“Such Friends”: 100 Years Ago, Ireland, England, France and America, December 31, 1920/January 1, 1921

What a year.

F. Scott Fitzgerald’s predicted “greatest, gaudiest spree in history” hasn’t materialized—yet. At the end of the first year of the new decade and the beginning of the second:

Irish poet and playwright W B Yeats, 55, and his wife Georgie, 28, are at home, still resting up, after an extensive and successful American lecture tour. They are pleased to be back with their daughter, Anne, almost two years old, and Yeats is continuing to work on his autobiography.
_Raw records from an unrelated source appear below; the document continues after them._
(* Let $p$ be a prime, $G$ a group and $H$ a subgroup of $G$ that is topologically $p$-embedded in $G$. Let $\Gamma=\langle G,t \mid t^{-1}ht=h\ \text{for all } h\in H\rangle$. Then $G$ is topologically $p$-embedded in $\Gamma$.
   Context: A subgroup $H$ of a group $G$ is topologically $p$-embedded in $G$ if the subspace topology on $H$ induced by the pro-$p$ topology on $G$ equals the pro-$p$ topology of $H$; equivalently, for every normal subgroup $N$ of $H$ of $p$-power index there is a normal subgroup $M$ of $G$ of $p$-power index with $M\cap H\le N$. *)

From mathcomp Require Import all_boot.
Set Implicit Arguments. Unset Strict Implicit. Unset Printing Implicit Defensive.

Record Grp := {
  carrier :> Type;
  gmul : carrier -> carrier -> carrier;
  gone : carrier;
  ginv : carrier -> carrier;
  gmulA : forall x y z, gmul x (gmul y z) = gmul (gmul x y) z;
  gmul1 : forall x, gmul gone x = x;
  gmulV : forall x, gmul (ginv x) x = gone
}.

Arguments gmul {g} _ _.
Arguments gone {g}.
Arguments ginv {g} _.

Definition is_subgroup (G : Grp) (S : G -> Prop) : Prop :=
  S gone /\ (forall x y, S x -> S y -> S (gmul x y)) /\ (forall x, S x -> S (ginv x)).

Definition normal_in (G : Grp) (N S : G -> Prop) : Prop :=
  is_subgroup N /\ (forall x, N x -> S x) /\
  (forall s x, S s -> N x -> N (gmul (ginv s) (gmul x s))).

(* N has index n in S: the left cosets x N (x in S) are in bijection with 'I_n *)
Definition index_in (G : Grp) (N S : G -> Prop) (n : nat) : Prop :=
  exists f : G -> 'I_n,
    (forall i, exists x, S x /\ f x = i) /\
    (forall x y, S x -> S y -> (f x = f y <-> N (gmul (ginv x) y))).

Definition normal_ppower_index (p : nat) (G : Grp) (N S : G -> Prop) : Prop :=
  normal_in N S /\ exists k, index_in N S (p ^ k).

Definition is_hom (G K : Grp) (f : G -> K) : Prop :=
  forall x y, f (gmul x y) = gmul (f x) (f y).

Definition top_p_embedded (p : nat) (G : Grp) (S : G -> Prop) : Prop :=
  forall N, normal_ppower_index p N S ->
    exists M, normal_ppower_index p M (fun _ => True) /\
      (forall x, M x -> S x -> N x).

(* (Gam, iota, t) is the group <G, t | t^-1 h t = h (h in H)>, characterised by
   the universal property of this presentation. *)
Definition is_HNN_centralizing (G : Grp) (H : G -> Prop)
    (Gam : Grp) (iota : G -> Gam) (t : Gam) : Prop :=
  is_hom iota /\
  (forall h, H h -> gmul (ginv t) (gmul (iota h) t) = iota h) /\
  (forall (K : Grp) (phi : G -> K) (k : K), is_hom phi ->
     (forall h, H h -> gmul (ginv k) (gmul (phi h) k) = phi h) ->
     (exists psi : Gam -> K, is_hom psi /\ (forall g, psi (iota g) = phi g) /\ psi t = k) /\
     (forall psi1 psi2 : Gam -> K, is_hom psi1 -> is_hom psi2 ->
        (forall g, psi1 (iota g) = phi g) -> psi1 t = k ->
        (forall g, psi2 (iota g) = phi g) -> psi2 t = k ->
        forall x, psi1 x = psi2 x)).

(* Killing [t] gives a retraction [r : Gam -> G] with [r \o iota = id], by the
   universal property of the presentation. A normal subgroup [N] of p-power
   index of [iota G] then pulls back along [iota \o r] to a normal subgroup of
   p-power index of [Gam] which meets [iota G] exactly in [N]; so any retract
   is topologically p-embedded. *)

From mathcomp Require Import all_boot.

Set Implicit Arguments.
Unset Strict Implicit.
Unset Printing Implicit Defensive.

Section GroupTheory.
Variable G : Grp.

Lemma mulgV (x : G) : gmul x (ginv x) = gone.
Proof.
set y := ginv x.
rewrite -[gmul x y]gmul1 -(gmulV y) -gmulA (gmulA y x y).
by rewrite /y gmulV gmul1 -/y gmulV.
Qed.

Lemma mulg1 (x : G) : gmul x gone = x.
Proof. by rewrite -(gmulV x) gmulA mulgV gmul1. Qed.

Lemma mulgI (a x y : G) : gmul a x = gmul a y -> x = y.
Proof. by move=> E; rewrite -(gmul1 x) -(gmul1 y) -(gmulV a) -!gmulA E. Qed.

Lemma invg_unique (a b : G) : gmul a b = gone -> a = ginv b.
Proof. by move=> E; rewrite -(mulg1 a) -(mulgV b) gmulA E gmul1. Qed.

Lemma invg1 : ginv (@gone G) = gone.
Proof. by symmetry; apply: invg_unique; rewrite gmul1. Qed.

End GroupTheory.

Section Homomorphisms.
Variables (K L : Grp) (f : K -> L).
Hypothesis f_hom : is_hom f.

Lemma hom1 : f gone = gone.
Proof. by apply: (@mulgI L (f gone)); rewrite -f_hom gmul1 mulg1. Qed.

Lemma homV (x : K) : f (ginv x) = ginv (f x).
Proof. by apply: invg_unique; rewrite -f_hom gmulV hom1. Qed.

Lemma hom_comp (M : Grp) (g : L -> M) : is_hom g -> is_hom (fun x => g (f x)).
Proof. by move=> g_hom x y; rewrite f_hom g_hom. Qed.

Lemma preimage_normal_ppower_index (p : nat) (S N : L -> Prop) :
  (forall x, S (f x)) -> (forall s, S s -> exists x, f x = s) ->
  normal_ppower_index p N S ->
  normal_ppower_index p (fun x => N (f x)) (fun _ => True).
Proof.
move=> fS f_onto [[[N1 [NM NV]] [_ Nnorm]] [k [c [c_onto c_coset]]]].
split; first split; [split; [|split] | split |].
- by rewrite hom1.
- by move=> x y Nx Ny; rewrite f_hom; exact: NM.
- by move=> x Nx; rewrite homV; exact: NV.
- by [].
- by move=> s x _ Nx; rewrite !f_hom homV; exact: Nnorm.
exists k, (fun x => c (f x)); split.
  by move=> i; have [s [/f_onto [x <-] <-]] := c_onto i; exists x.
by move=> x y _ _; rewrite f_hom homV; apply: c_coset.
Qed.

End Homomorphisms.

Lemma retract_top_p_embedded (p : nat) (G Gam : Grp) (iota : G -> Gam)
    (r : Gam -> G) :
  is_hom iota -> is_hom r -> (forall g, r (iota g) = g) ->
  top_p_embedded p (fun y : Gam => exists g : G, iota g = y).
Proof.
move=> iota_hom r_hom r_iota N N_ppow.
exists (fun y => N (iota (r y))); split.
  apply: (preimage_normal_ppower_index (hom_comp r_hom iota_hom) _ _ N_ppow).
  - by move=> y; exists (r y).
  - by move=> y [g <-]; exists (iota g); rewrite /= r_iota.
by move=> y + [g Eg]; rewrite -Eg r_iota.
Qed.

Lemma HNN_centralizing_retraction (G : Grp) (H : G -> Prop) (Gam : Grp)
    (iota : G -> Gam) (t : Gam) :
  is_HNN_centralizing H iota t ->
  exists r : Gam -> G, is_hom r /\ forall g, r (iota g) = g.
Proof.
move=> [_ [_ univ]].
have id_hom : is_hom (fun x : G => x) by [].
have one_centralizes h : H h -> gmul (ginv gone) (gmul h gone) = h.
  by move=> _; rewrite invg1 gmul1 mulg1.
have [[r [r_hom [r_iota _]]] _] := univ G _ gone id_hom one_centralizes.
by exists r.
Qed.

Theorem lemma2p3 (p : nat) (G : Grp) (H : G -> Prop)
    (Gam : Grp) (iota : G -> Gam) (t : Gam) :
  prime p ->
  is_subgroup H ->
  top_p_embedded p H ->
  is_HNN_centralizing H iota t ->
  top_p_embedded p (fun y : Gam => exists g : G, iota g = y).
Proof.
move=> _ _ _ HNN.
have [r [r_hom r_iota]] := HNN_centralizing_retraction HNN.
exact: retract_top_p_embedded HNN.1 r_hom r_iota.
Qed.
(* [energy (S n) - lyapunov n = w a b + Delta a^2] is [O(a^2 + b^2) = O(lyapunov n / g (S n))]. *)
Lemma energy_unif_cauchy : unif_cauchy_on (fun x => Rabs x <= M) (energy g).
Proof.
  destruct lyapunov_bounded_unif_cauchy as [N [Cb [HCb [Hb Hc]]]].
  assert (Hclose : forall n w, (N <= n)%nat -> Rabs w <= M ->
            g (S n) * Rabs (energy g (S n) w - lyapunov g n w) <= 2 * (M + 1) * Cb).
  { intros n w Hn Hw; destruct (Hb n w Hn Hw) as [D [L U]].
    set (a := p g (S n) w) in *; set (b := p g (S (S n)) w) in *.
    replace (energy g (S n) w - lyapunov g n w) with (w * a * b + Defs.Delta g n * a ^ 2)
      by (unfold energy, lyapunov, lyapunov_form, a, b; ring).
    assert (Ha : 0 <= a ^ 2) by apply pow2_ge_0; assert (0 <= b ^ 2) by apply pow2_ge_0.
    assert (H1 := Rabs_mult3_le w a b M Hw).
    assert (H2 : Rabs (Defs.Delta g n * a ^ 2) <= a ^ 2 + b ^ 2) by
      (rewrite Rabs_mult, (Rabs_pos_eq (a ^ 2)) by lra; nra).
    assert (Rabs (w * a * b + Defs.Delta g n * a ^ 2) <= (M + 1) * (a ^ 2 + b ^ 2)) by
      (eapply Rle_trans; [apply Rabs_triang|]; nra).
    assert (Hg := hpos (S n)); nra. }
  intros e He.
  destruct (Hc (e / 3)) as [N' HN']; [lra|].
  destruct (h1 (6 * (M + 1) * Cb / e)) as [N3 HN3].
  assert (Hd : forall n w, (Nat.max (Nat.max N N') N3 <= n)%nat -> Rabs w <= M ->
             Rabs (energy g (S n) w - lyapunov g n w) <= e / 3).
  { intros n w Hn Hw; assert (H := Hclose n w ltac:(lia) Hw).
    assert (G := HN3 (S n) ltac:(lia)); assert (Hg := hpos (S n)).
    assert (HG : 6 * (M + 1) * Cb < e * g (S n)).
    { apply (Rmult_lt_compat_l e) in G; [|lra].
      unfold Rdiv in G; rewrite Rmult_comm, Rmult_assoc, Rinv_l, Rmult_1_r in G by lra; lra. }
    assert (0 <= Rabs (energy g (S n) w - lyapunov g n w)) by apply Rabs_pos.
    nra. }
  exists (S (Nat.max (Nat.max N N') N3)); intros [|n] [|m] w Hn Hm Hw; try lia.
  assert (A1 := Hd n w ltac:(lia) Hw); assert (A2 := Hd m w ltac:(lia) Hw).
  assert (A3 := HN' n m w ltac:(lia) ltac:(lia) Hw).
  unfold Rabs in *; repeat destruct Rcase_abs; lra.
Qed.

End Interval.

Lemma energy_cv : exists LB, forall w, Un_cv (fun n => energy g n w) (LB w).
Proof.
  assert (HC : forall w, Cauchy_crit (fun n => energy g n w)).
  { intros w e He; destruct (energy_unif_cauchy (Rabs w) (Rabs_pos w) (e / 2)) as [N HN]; [lra|].
    exists N; intros n m Hn Hm; unfold R_dist.
    assert (H := HN n m w Hn Hm (Rle_refl _)); lra. }
  exists (fun w => proj1_sig (R_complete _ (HC w))).
  intro w; exact (proj2_sig (R_complete _ (HC w))).
Qed.
Definition weakly_converges (R : realType) (S : pmetricType R)
    (mu_ : nat -> {measure set (borel_of S) -> \bar R})
    (mu : {measure set (borel_of S) -> \bar R}) : Prop :=
  forall f : S -> R, continuous f -> (exists M : R, forall x, (`|f x| <= M)%R) ->
    (fun n => \int[mu_ n]_x (f x)%:E) @ \oo --> \int[mu]_x (f x)%:E.

(* "All integrals in the hypotheses are assumed defined": the integrals of
   bounded continuous functions appearing in the weak-convergence hypothesis. *)
Definition weak_conv_integrals_defined (R : realType) (S : pmetricType R)
    (mu_ : nat -> {measure set (borel_of S) -> \bar R}) : Prop :=
  forall f : S -> R, continuous f -> (exists M : R, forall x, (`|f x| <= M)%R) ->
    forall n, integral_defined (mu_ n) (fun x => (f x)%:E).

(* For nonnegative h_n the joint liminf H of the h_n is lower semicontinuous,
   and it is the pointwise liminf of the bounded Lipschitz functions
     psi_N x = inf_y (min (inf_{m >= N} h_m y, N) + N d(x, y)),
   which satisfy psi_N <= h_m for m >= N.  Weak convergence applied to psi_N
   gives int psi_N dmu <= liminf_n int h_n dmu_n, and Fatou's lemma for mu
   then gives int H dmu <= liminf_n int h_n dmu_n.
   In general, take h_n = (f_n - g_n)^+: pointwise, liminf f <= liminf h +
   limsup g wherever limsup g > -oo, which holds mu-a.e. since
   int limsup g dmu > -oo; integrating and adding the hypothesis on g, with
   h_n + g_n <= f_n, gives the claim. *)

From HB Require Import structures.
From mathcomp Require Import all_boot all_order all_algebra.
From mathcomp Require Import all_classical all_reals all_analysis measurable_realfun.
From mathcomp Require Import lra.
Import Order.TTheory GRing.Theory Num.Theory.
Import numFieldTopology.Exports numFieldNormedType.Exports.
Local Open Scope classical_set_scope.
Local Open Scope ring_scope.
Local Open Scope ereal_scope.

Section extended_real_sequences.
Context {R : realType}.
Implicit Types (x y : \bar R) (u v : (\bar R)^nat).

Lemma lee_EFin_lt x y : (forall r : R, r%:E < x -> r%:E <= y) -> x <= y.
Proof.
move=> xy; rewrite leNgt; apply/negP => yx.
have [r yr rx] : exists2 r : R, y < r%:E & r%:E < x.
  move: yx {xy}; case: x => [t| |]; case: y => [s| |] //=.
  - rewrite lte_fin => st; exists ((s + t) / 2)%R; rewrite lte_fin.
      exact: (midf_lt st).1.
    exact: (midf_lt st).2.
  - by exists (t - 1)%R; rewrite ?ltNyr // lte_fin gtrDl ltrN10.
  - by exists (s + 1)%R; rewrite ?ltry // lte_fin ltrDl.
  - by exists 0%R; rewrite ?ltNyr ?ltry.
by have := xy r rx; rewrite leNgt yr.
Qed.

Lemma limn_einf_ge_near u a : (\forall n \near \oo, a <= u n) ->
  a <= limn_einf u.
Proof.
move=> [N _ aN]; rewrite limn_einf_lim.
apply: lime_ge; first exact: is_cvg_einfs.
exists N => // n /= Nn; apply: le_ereal_inf_tmp => _ [m /= nm <-].
exact/aN/(leq_trans Nn).
Qed.

Lemma le_limn_einf_near u v : (\forall n \near \oo, u n <= v n) ->
  limn_einf u <= limn_einf v.
Proof.
move=> [N _ uv]; rewrite !limn_einf_lim.
apply: lee_lim; [exact: is_cvg_einfs|exact: is_cvg_einfs|].
exists N => // n /= Nn; apply: le_ereal_inf_tmp => _ [m /= nm <-].
apply: le_trans (uv m (leq_trans Nn nm)).
by apply: ereal_inf_lbound; exists m.
Qed.

Lemma le_limn_einfD u v : limn_einf u + limn_einf v <= limn_einf (u \+ v).
Proof.
have [->|uNy] := eqVneq (limn_einf u) -oo; first by rewrite leNye.
have [->|vNy] := eqVneq (limn_einf v) -oo; first by rewrite addeNy leNye.
rewrite !limn_einf_lim in uNy vNy *.
have cu : cvgn (einfs u) by exact: is_cvg_einfs.
have cv : cvgn (einfs v) by exact: is_cvg_einfs.
have uv : limn (einfs u) +? limn (einfs v).
  by rewrite /adde_def (negbTE uNy) (negbTE vNy) !andbF.
rewrite -limeD //; apply: lee_lim; [exact: is_cvgeD|exact: is_cvg_einfs|].
apply: nearW => n; apply: le_ereal_inf_tmp => _ [m /= nm <-].
by apply: leeD; apply: ereal_inf_lbound; exists m.
Qed.

End extended_real_sequences.

Section integral_extended_real.
Context {d : measure_display} {T : measurableType d} {R : realType}
  {mu : {measure set T -> \bar R}}.
Implicit Types f g h : T -> \bar R.

Lemma ae_le_integral f g : measurable_fun setT f -> measurable_fun setT g ->
  {ae mu, forall x, f x <= g x} -> \int[mu]_x f x <= \int[mu]_x g x.
Proof.
move=> mf mg fg; rewrite [leLHS]integralE [leRHS]integralE.
apply: leeB; apply: ae_ge0_le_integral => //;
  do ?[exact: measurable_funepos|exact: measurable_funeneg];
  apply: filterS fg => x fgx _.
- by rewrite !funeposE; apply: le_max2; rewrite ?lexx.
- by rewrite !funenegE; apply: le_max2; rewrite ?lexx ?leeN2.
Qed.
Lemma dom_pmul (f g : pm) : img g \subset dom f -> dom (pmul f g) = dom g.
Proof.
move=> /subsetP gf; apply/setP=> i; rewrite !in_dom pmulE.
case gi: (g i) => [k|] //=; rewrite -in_dom; apply: gf.
by apply/imgP; exists i.
Qed.

Lemma img_pmul (f g : pm) : dom f \subset img g -> img (pmul f g) = img f.
Proof.
move=> fg; apply/eqP; rewrite eqEsubset img_pmul_sub; apply/subsetP=> j /imgP[k fk].
have /imgP[i gi] : k \in img g by apply: (subsetP fg); rewrite in_dom fk.
by apply/imgP; exists i; rewrite pmulE gi.
Qed.

Definition pinv (f : pm) : pm := [ffun j => [pick i | f i == Some j]].

Lemma pinvP (f : pm) i j : pinj f -> pinv f j = Some i <-> f i = Some j.
Proof.
move=> /pinjP finj; rewrite ffunE; case: pickP => [x /eqP fx | nf]; split=> //.
- by case=> <-.
- by move=> fi; rewrite (finj _ _ _ fx fi).
- by move=> fi; have := nf i; rewrite fi eqxx.
Qed.

Lemma pinj_pinv (f : pm) : pinj (pinv f).
Proof.
apply/pinjP=> i j k; rewrite !ffunE.
case: pickP => // x /eqP fx [<-]; case: pickP => // y /eqP fy [exy].
by move: fy; rewrite exy fx => -[].
Qed.

Lemma dom_pinv (f : pm) : dom (pinv f) = img f.
Proof.
apply/setP=> j; rewrite in_dom ffunE; case: pickP => [x /eqP fx | nf] /=.
  by apply/esym/imgP; exists x.
by apply/esym/imgP=> -[i fi]; have := nf i; rewrite fi eqxx.
Qed.

Lemma img_pinv (f : pm) : pinj f -> img (pinv f) = dom f.
Proof.
move=> finj; apply/setP=> i; rewrite in_dom; apply/imgP/idP => [[j] | ].
  by move/(pinvP _ _ finj) ->.
by case fi: (f i) => [j|] // _; exists j; apply/pinvP.
Qed.

Lemma pmul_pinvK (s t : pm) :
  pinj s -> dom t \subset dom s -> pmul (pmul t (pinv s)) s = t.
Proof.
move=> sinj /subsetP ts; apply/ffunP=> i; rewrite pmulE.
case si: (s i) => [j|] /=; first by rewrite pmulE (proj2 (pinvP _ _ sinj) si).
by case ti: (t i) => [k|] //; move: (ts i); rewrite !in_dom ti si => /(_ isT).
Qed.

Lemma pinv_pmulK (s t : pm) :
  pinj s -> img t \subset img s -> pmul s (pmul (pinv s) t) = t.
Proof.
move=> sinj /subsetP ts; apply/ffunP=> i; rewrite !pmulE.
case ti: (t i) => [j|] //=.
have /imgP[k sk] : j \in img s by apply: ts; apply/imgP; exists i.
by rewrite (proj2 (pinvP _ _ sinj) sk).
Qed.

Lemma exists_pinj_dom_img (A B : {set T}) :
  #|A| = #|B| -> exists f : pm, [/\ pinj f, dom f = A & img f = B].
Proof.
move=> cardAB; set eA := enum A; set eB := enum B.
have sizeAB : size eA = size eB by rewrite -!cardE.
have idxA i : i \in A -> index i eA < size eB by rewrite -sizeAB index_mem mem_enum.
pose f : pm := [ffun i => if i \in A then Some (nth i eB (index i eA)) else None].
exists f; split.
- apply/pinjP=> i j k; rewrite !ffunE.
  case iA: (i \in A) => //; case jA: (j \in A) => // -[<-] [].
  rewrite (set_nth_default i) ?idxA // => /eqP; rewrite nth_uniq ?idxA ?enum_uniq //.
  by move/eqP/esym; apply: (index_inj i); rewrite mem_enum.
- by apply/setP=> i; rewrite in_dom ffunE; case: (i \in A).
apply/setP=> k; apply/imgP/idP => [[i] | kB].
  by rewrite ffunE; case iA: (i \in A) => // -[<-]; rewrite -mem_enum mem_nth ?idxA.
have kidx : index k eB < size eA by rewrite sizeAB index_mem mem_enum.
exists (nth k eA (index k eB)).
rewrite ffunE -mem_enum mem_nth //= index_uniq ?enum_uniq //.
by rewrite (set_nth_default k) ?nth_index ?mem_enum // -sizeAB.
Qed.

End PartialMaps.

Section SignedPermutations.
Variable m : nat.
Local Notation T := 'I_(2 * m).
Local Notation pm := (ppmap m).
Local Notation th := (@theta m).

Lemma inW_total (f : pm) : inW f -> forall i, f i = Some (pfun f i).
Proof. by case/andP=> /andP[_ /forallP ftot] _ i; rewrite pfunE // in_dom. Qed.

Lemma inW_pinj (f : pm) : inW f -> pinj f.
Proof. by case/andP=> /andP[]. Qed.

Lemma inW_pfun_inj (f : pm) : inW f -> injective (pfun f).
Proof.
move=> fW i j; apply: (pfun_inj (inW_pinj fW)); by rewrite in_dom inW_total.
Qed.

Lemma inW_theta (f : pm) : inW f -> forall i, f (th i) = omap th (f i).
Proof. by case/andP=> _ /forallP fth i; apply/eqP. Qed.

Lemma inW_pfun_theta (f : pm) : inW f -> forall i, pfun f (th i) = th (pfun f i).
Proof. by move=> fW i; rewrite /pfun inW_theta // (inW_total fW). Qed.

Lemma dom_inW (f : pm) : inW f -> dom f = setT.
Proof. by move=> fW; apply/setP=> i; rewrite in_dom inW_total ?inE. Qed.

Lemma img_inW (f : pm) : inW f -> img f = setT.
Proof.
move=> fW; apply/eqP; rewrite eqEcard subsetT card_img ?inW_pinj //.
by rewrite /rk dom_inW /=.
Qed.

Lemma inW_pmul (f g : pm) : inW f -> inW g -> inW (pmul f g).
Proof.
move=> fW gW; apply/andP; split; first (apply/andP; split).
- exact: pinj_pmul (inW_pinj fW) (inW_pinj gW).
- by apply/forallP=> i; rewrite pmulE (inW_total gW) /= (inW_total fW).
apply/forallP=> i; rewrite !pmulE inW_theta // (inW_total gW) /=.
by rewrite inW_theta.
Qed.

Lemma inW_pinv (f : pm) : inW f -> inW (pinv f).
Proof.
move=> fW; have finj := inW_pinj fW.
have preim j : exists i, f i = Some j by apply/imgP; rewrite img_inW ?inE.
apply/andP; split; first (apply/andP; split).
- exact: pinj_pinv.
- by apply/forallP=> j; rewrite -in_dom dom_pinv img_inW.
apply/forallP=> j; have [i fi] := preim j.
rewrite (proj2 (pinvP _ _ finj) fi) /=; apply/eqP/pinvP => //.
by rewrite inW_theta // fi.
Qed.

Lemma pfun_pmul_inW (f g : pm) :
  inW f -> inW g -> pfun (pmul f g) =1 pfun f \o pfun g.
Proof. by move=> fW gW i; rewrite /pfun pmulE (inW_total gW) /= (inW_total fW). Qed.

Lemma pfun_pinvK (f : pm) : inW f -> pfun f \o pfun (pinv f) =1 id.
Proof.
move=> fW j; have fiW := inW_pinv fW.
have /(pinvP _ _ (inW_pinj fW)) fj := inW_total fiW j.
by rewrite /= /pfun fj.
Qed.

Lemma odd_nflips_pmul (f g : pm) : inW f -> inW g ->
  odd (nflips (pfun (pmul f g))) = odd (nflips (pfun f)) (+) odd (nflips (pfun g)).
Proof.
move=> fW gW; rewrite (eq_nflips (pfun_pmul_inW fW gW)).
by apply: odd_nflips_comp; apply: inW_pfun_inj || apply: inW_pfun_theta.
Qed.

Lemma odd_nflips_pinv (f : pm) : inW f ->
  odd (nflips (pfun (pinv f))) = odd (nflips (pfun f)).
Proof.
move=> fW; have fiW := inW_pinv fW.
have := odd_nflips_comp (inW_pfun_inj fW) (inW_pfun_theta fW)
  (inW_pfun_inj fiW) (inW_pfun_theta fiW).
rewrite (eq_nflips (pfun_pinvK fW)) nflips_id /=.
by case: (odd (nflips _)); case: (odd (nflips _)).
Qed.

Lemma inW'E (f : pm) : inW' f = inW f && ~~ odd (nflips (pfun f)).
Proof.
rewrite /inW' /nflips; case fW: (inW f) => //=; congr (~~ odd _).
apply: eq_card => j; rewrite !inE; congr (_ && _); apply/existsP/imsetP.
  by case=> i /andP[iL /eqP fi]; exists i; rewrite ?in_lowers // /pfun fi.
by case=> i; rewrite in_lowers => iL ->; exists i; rewrite iL; apply/eqP/inW_total.
Qed.

Lemma inW'_inW (f : pm) : inW' f -> inW f.
Proof. by case/andP. Qed.

Lemma inW'_pmul (f g : pm) : inW' f -> inW' g -> inW' (pmul f g).
Proof.
rewrite !inW'E => /andP[fW fE] /andP[gW gE].
by rewrite inW_pmul // odd_nflips_pmul // (negbTE fE) (negbTE gE).
Qed.

Lemma inW'_pinv (f : pm) : inW' f -> inW' (pinv f).
Proof. by rewrite !inW'E => /andP[fW fE]; rewrite inW_pinv // odd_nflips_pinv. Qed.

Lemma upperE (A : {set T}) : upper A = A :&: uppers m.
Proof. by apply/setP=> i; rewrite !inE. Qed.

Lemma typeI_inW' (f : pm) (A : {set T}) : inW' f -> theta_transversal A ->
  typeI (pfun f @: A) = typeI A.
Proof.
rewrite inW'E => /andP[fW fE] hA.
rewrite /typeI !upperE odd_card_imset_uppers ?(negbTE fE) ?addbF //.
  exact: inW_pfun_inj.
exact: inW_pfun_theta.
Qed.

End SignedPermutations.

Section GreenRelations.
Variable m : nat.
Hypothesis m_gt0 : 0 < m.
Local Notation T := 'I_(2 * m).
Local Notation pm := (ppmap m).

Lemma admissible_transversal (A : {set T}) :
  admissible A -> #|A| = m -> theta_transversal A.
Proof.
case/orP=> [/orP[/eqP-> | /eqP->] | /andP[_ /eqP AthA]] cardA.
- by exfalso; move: cardA; rewrite cardsT card_ord; lia.
- by exfalso; move: cardA; rewrite cards0; lia.
rewrite /theta_transversal; apply/eqP; rewrite eqEcard; apply/andP; split.
  apply/subsetP=> i ithA; rewrite inE; apply: contra_eqN AthA => iA.
  by apply/set0Pn; exists i; rewrite inE iA.
have := cardsC A; rewrite card_ord card_imset ?cardA; last exact: theta_inj.
by move=> /(congr1 (subn^~ m)); rewrite addKn => ->; lia.
Qed.

Lemma rk_inW (f : pm) : inW f -> rk f = 2 * m.
Proof. by move=> fW; rewrite /rk dom_inW // cardsT card_ord. Qed.

Lemma inORP (f : pm) :
  reflect [/\ pinj f, admissible (dom f), admissible (img f),
              rk f = m -> typeI (dom f) = typeI (img f)
            & m < rk f -> inW' f]
          (inOR f).
Proof.
apply: (iffP andP) => [[finj] | [finj domA imgA typeE W'f]].
  case/or3P=> [/andP[/andP[rk_lt ? ?]] | /and4P[/eqP rk_eq ? ? /eqP ?] | W'f].
  - by split=> // rk_f; exfalso; lia.
  - by split=> // rk_f; exfalso; lia.
  have fW : inW f by move: W'f; rewrite inW'E => /andP[].
  by split; rewrite ?dom_inW ?img_inW ?rk_inW ?/admissible ?eqxx //; lia.
split=> //; case: (ltngtP (rk f) m) => rk_f.
- by rewrite domA imgA.
- by rewrite W'f ?orbT.
- by rewrite domA imgA typeE // eqxx.
Qed.

Lemma typeI_pfun_imset (f : pm) (A : {set T}) : inOR f ->
  admissible A -> #|A| = m -> A \subset dom f -> typeI (pfun f @: A) = typeI A.
Proof.
case/inORP=> _ _ _ typeE W'f admA cardA Adom.
have [rk_f | rk_f] := ltnP m (rk f).
  by apply: typeI_inW'; [exact: W'f | exact: admissible_transversal].
have domA : dom f = A by apply/esym/eqP; rewrite eqEcard Adom cardA.
by rewrite -domA -img_pfun typeE // /rk domA.
Qed.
He has finally admitted to himself that his father, painter John Butler Yeats, 81, is never going to leave the comfortable life he has in New York City to come back to Ireland. His father had told him that one of his New York friends commented,

In Dublin it is hopeless insolvency. Here it is hopeful insolvency”

John Butler Yeats self-portrait, 1919

English novelist Virginia Woolf, almost 39, and her husband, Leonard, 40, are spending the holidays at their Sussex home, Monk’s House near Rodmell. Their almost six-year old project, the Hogarth Press, has lost one of its authors, Katherine Mansfield, 31, to a more established publisher because they had neglected to contract her for more than one book.

Katherine Mansfield

And their latest assistant, Ralph Partridge, 26, has only earned £56 as his share of the company yearly profits. But they have printed and published four titles—including Virginia’s story, Kew Gardens, which has sold 620 copies—and earned £68 19s 4d.

In Paris American ex-patriate writer Gertrude Stein, 46, and her partner, Alice B. Toklas, 43, have recently welcomed a new member of their household on the Left Bank—Godiva, their new Ford touring car. Their previous auto, “Auntie Pauline,” which took them all over France as they volunteered for the Fund for French Wounded during the Great War, had finally died right in front of the Luxembourg Palace, the 17th century government building. The replacement arrived and Alice remarked that it was naked—no clock, no cigarette lighter, no ashtray. So Gertrude promptly named her Godiva.

1920 Ford Model-T

Free-lance New York writer Dorothy Parker, 27, is floating. She’s getting plenty of her articles and poetry published in magazines, and lunching most days with her fellow writers at the midtown Manhattan Algonquin Hotel. Two of her lunchmates, and former Vanity Fair colleagues, Bob Benchley, 31, and Robert Sherwood, 24, are willing to accept silly pieces she submits to their monthly humor magazine, Life; the Saturday Evening Post is willing to buy the same kind of fluff. Dottie knows that it is not her best work. But it pays the bills.

Robert Sherwood

What will the new year bring?

“Such Friends”:  100 Years Ago… is the basis for the book, “Such Friends”:  The Literary 1920s, soon to be published by K. Donnelly Communications. For more information, email me at kaydee@gypsyteacher.com.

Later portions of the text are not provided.